Internet Addiction

Always online or on the line?

The internet has been an important utility in our daily life. To some, it is used to access information and to reach out. But to others, it is life itself. What happens when there is no connection? Does it feel like someone has turned off your life-support system? Or do you feel like pulling someone else’s plug (switches or charger)? Here is what you need to know


Internet Addiction is defined as any online-related, compulsive behaviour which interferes with normal living and causes severe stress on family, friends, loved ones, and one’s work environment. Internet addicts make the Internet a priority more important than family, friends, and work. The Internet becomes the organizing principle of addicts’ lives. They are willing to sacrifice what they cherish most in order to preserve and continue their unhealthy behaviour.

Forms of Internet Addiction are such as:

  • Information overload –decreased productivity at work and fewer interactions with family members.
  • Online pornography/ sex
  • Online gambling (gambling addiction)
  • Online gaming
  • Online shopping
  • Social Media


Meeting 5 of the criteria of the Internet Addiction Diagnostic Questionnaire (IADQ) means you could be addicted.

  1. Do you feel preoccupied with the Internet (think about previous online activity or anticipate next online session)?
  2. Do you feel the need to use the Internet with increasing amounts of time in order to achieve satisfaction?
  3. Have you repeatedly made unsuccessful efforts to control, cut back, or stop Internet use?
  4. Do you feel restless, moody, depressed, or irritable when attempting to cut down or stop Internet use?
  5. Do you stay online longer than originally intended?
  6. Have you jeopardized or risked the loss of significant relationship, job, educational or career opportunity because of the Internet?
  7. Have you lied to family members, therapist, or others to conceal the extent of involvement with the Internet?
  8. Do you use the Internet as a way of escaping from problems or of relieving a dysphoric mood (e.g., feelings of helplessness, guilt, anxiety, depression)?
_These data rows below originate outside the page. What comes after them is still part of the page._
Lemma RInt_Gamma_integrand_le_0_1 s a :
  0 < s -> 0 < a <= 1 -> RInt (Gamma_integrand s) a 1 <= / s.
Proof.
  intros hs ha.
  assert (Hprim : is_RInt (fun t => Rpower t (s - 1)) a 1 ((Rpower 1 s - Rpower a s) / s)).
  { apply (is_RInt_ext (fun t => scal (/ s) (s * Rpower t (s - 1)))).
    { intros x _. unfold scal; simpl; unfold mult; simpl. field. lra. }
    replace ((Rpower 1 s - Rpower a s) / s) with (scal (/ s) (minus (Rpower 1 s) (Rpower a s)))
      by (unfold scal, minus, plus, opp; simpl; unfold mult; simpl; field; lra).
    apply (is_RInt_scal (V := R_NormedModule)), (is_RInt_derive (fun t => Rpower t s)).
    - intros x hx. apply is_derive_Reals, derivable_pt_lim_power.
      exact (Rmin_Rmax_pos a 1 x ltac:(lra) Rlt_0_1 hx).
    - intros x hx. apply (ex_derive_continuous (fun t => s * Rpower t (s - 1))).
      unfold Rpower. auto_derive. exact (Rmin_Rmax_pos a 1 x ltac:(lra) Rlt_0_1 hx). }
  apply Rle_trans with ((Rpower 1 s - Rpower a s) / s).
  - rewrite <- (is_RInt_unique _ _ _ _ Hprim). apply RInt_le; [lra | | eexists; eauto |].
    + apply ex_RInt_half_line; [apply Gamma_integrand_continuous | lra | lra].
    + intros x hx. unfold Gamma_integrand.
      rewrite <- (Rmult_1_r (Rpower x (s - 1))) at 2.
      apply Rmult_le_compat_l; [apply Rlt_le, exp_pos |].
      rewrite <- exp_0. apply exp_le_exp_of_le. lra.
  - rewrite Rpower_base_1. pose proof (Rpower_pos a s). unfold Rdiv.
    rewrite <- (Rmult_1_l (/ s)) at 2.
    apply Rmult_le_compat_r; [apply Rlt_le, Rinv_0_lt_compat, hs | lra].
Qed.

Lemma RInt_Gamma_integrand_le_1_pinfty s :
  exists B, forall b, 1 <= b -> RInt (Gamma_integrand s) 1 b <= B.
Proof.
  destruct (Rpower_mul_exp_le_exp_half (s - 1)) as (C & hC & HC).
  exists (2 * C). intros b hb.
  assert (Hprim : is_RInt (fun t => C * exp (- t / 2)) 1 b
                    (-2 * C * exp (- b / 2) - -2 * C * exp (- 1 / 2))).
  { apply (is_RInt_derive (fun t => -2 * C * exp (- t / 2))).
    - intros x _. auto_derive; [exact I | unfold Rdiv; field].
    - intros x _. apply (ex_derive_continuous (fun t => C * exp (- t / 2))). auto_derive. exact I. }
  apply Rle_trans with (RInt (fun t => C * exp (- t / 2)) 1 b).
  - apply RInt_le; [lra | | eexists; eauto |].
    + apply ex_RInt_half_line; [apply Gamma_integrand_continuous | lra | lra].
    + intros x hx. apply HC. lra.
  - rewrite (is_RInt_unique _ _ _ _ Hprim).
    pose proof (exp_pos (- b / 2)).
    assert (exp (- 1 / 2) <= 1) by (rewrite <- exp_0; apply exp_le_exp_of_le; lra).
    nra.
Qed.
  • You suffer from anxiety.An anxiety disorder like obsessive-compulsive disorder may also contribute to excessive email checking and compulsive Internet use.
  • You are depressed.It contributes to stress, isolation and loneliness.
  • You have any other addictions.Many Internet addicts suffer from other addictions, such as drugs, alcohol, gambling, and sex.
  • You lack social support.Used as a safe way of establishing new relationships but lack of personal interaction.
  • You’re an unhappy teenager.You might be wondering where you fit in and the Internet could feel more comfortable than real-life friends.
  • You are stressed.The longer you spend online, the higher your stress levels will be.


Physical Symptoms of Internet Addiction

  • Carpal Tunnel Syndrome (pain and numbness in hands and wrists)
  • Dry eyes or strained vision
  • Back aches and neck aches; severe headaches
  • Sleep disturbances
  • Pronounced weight gain or weight loss


  • Encourage social activities. Increase and set the time you spend in personal communication with people.
  • Stay connected with the offline world. Find hobbies that get you away from the computer.
  • Set reasonable Internet use goals and stick to them. Use an alarm clock to signal that your online time is up.
  • Take frequent breaks.At least five minutes each hour, and do some other activities.
  • Use parental control apps.Limit usage of data in smartphones, or restricting texting and web browsing to certain times of the day.
  • Therapy and counselling for Internet addiction.Cognitive behavioural therapy or Mindfulness-based approach provide step-by-step ways to develop self-awareness, coping skills and social skills to stop compulsive internet behaviours.



  • Be a good role model.
  • Get your friend to involved in non-Internet related interests and social activities.
  • Talk to your friend about your concerns
  • Support their desire for change.
Internet Addiction Inforgraphic 
 Always Online or on the line?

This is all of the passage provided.